Chiusa l’esperienza editoriale della “Voce delle Marche”, storico settimanale della Diocesi fermana. Quattro colleghi rimasti senza lavoro: solidarietà dell’Ordine.
Ha chiuso la “Voce delle Marche”. L’editore (Una Società della Curia fermana) ha deciso di chiudere questa esperienza editoriale senza minimamente preoccuparsi del futuro dei colleghi che vi hanno lavorato per quasi tre anni. Anche la Curia segue le rigide regole del mercato. Forse, in questo caso, sono state eluse e superate anche quelle.

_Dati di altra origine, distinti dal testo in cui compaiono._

Theorem theorem4 (R : nzRingType) (A : Type) (M : A -> lmodType R)
  (B : A -> Prop) :
  countable_type R ->
  countable_subset B ->
  (forall a, B a -> ~ alg_compact (M a)) ->
  (forall a, ~ B a -> alg_compact (M a)) ->
  alg_compact_prod_mod_sum M.
Proof.
move=> [fR fR_inj] /countable_subset_enum[b bB] _ B_compact I J row m sys_fin.
have b_compact a : (forall n, ~ List.In a (b n)) -> alg_compact (M a).
  by move=> a_b; apply: B_compact => /bB[n]; apply: a_b.
have [G [G_cons G_max]] := Zorn_bigcup (fun C => consistent_bigcup (C := C) sys_fin).
apply: (consistent_total_solution G_cons) => k.
apply: contrapT => k_free.
have [v Gv_cons] := consistent_extend b_compact fR_inj k_free G_cons.
apply: (G_max _ _ Gv_cons); split=> [q Gq|]; first by left.
by move=> /(_ (k, v) (or_intror erefl)) Gkv; apply: k_free; exists v.
Qed.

La Voce delle Marche è un settimanale con una prestigiosa storia alle spalle. E’ stato fondato nel 1892. Dopo un lungo periodo di interruzione la Diocesi aveva deciso di riprendere le pubblicazione il 4 marzo del 2005. In una conferenza stampa era stata presentata l’iniziativa, voluta dal compianto arcivescovo. Mons. Gennaro Franceschetti. La direzione era stata affidata a don Mario Lusek, mentre direttore responsabile era stato nominato il collega Giuliano Traini.
In questi due anni e mezzo la “Voce delle Marche” ha svolto una funzione importante. Ha seguito con attenzione le vicende culturali, sociali ed economiche del territorio. Ha affrontato i problemi locali con inchieste e approfondimenti e ha cercato di interpretare l’attualità con riflessioni e commenti.
Con la fine di novembre la Società editrice ha deciso di chiudere i battenti: cessate le pubblicazioni, chiuso il Sito, licenziati tutti i collaboratori. Tutto fatto alla chetichella: la chiusura di un giornale trattata alla stregua (forse anche peggio) della rottamazione di una vecchia e cadente autovettura. L’Ordine dei giornalisti delle Marche non può far nulla contro le decisioni d’imperio di un editore, ma segnala questo comportamento anomalo che considera ancora più grave perché compiuto da una Società editrice che in occasione della presentazione dell’iniziativa editoriale aveva sottolineato di ispirarsi a ben altri principi e valori.
Ai quattro colleghi rimasti senza lavoro il Consiglio dell’Ordine dei giornalisti delle Marche esprime la propria solidarietà che serve a ben poco sul piano pratico, ma è almeno un segno di vicinanza e di condivisione.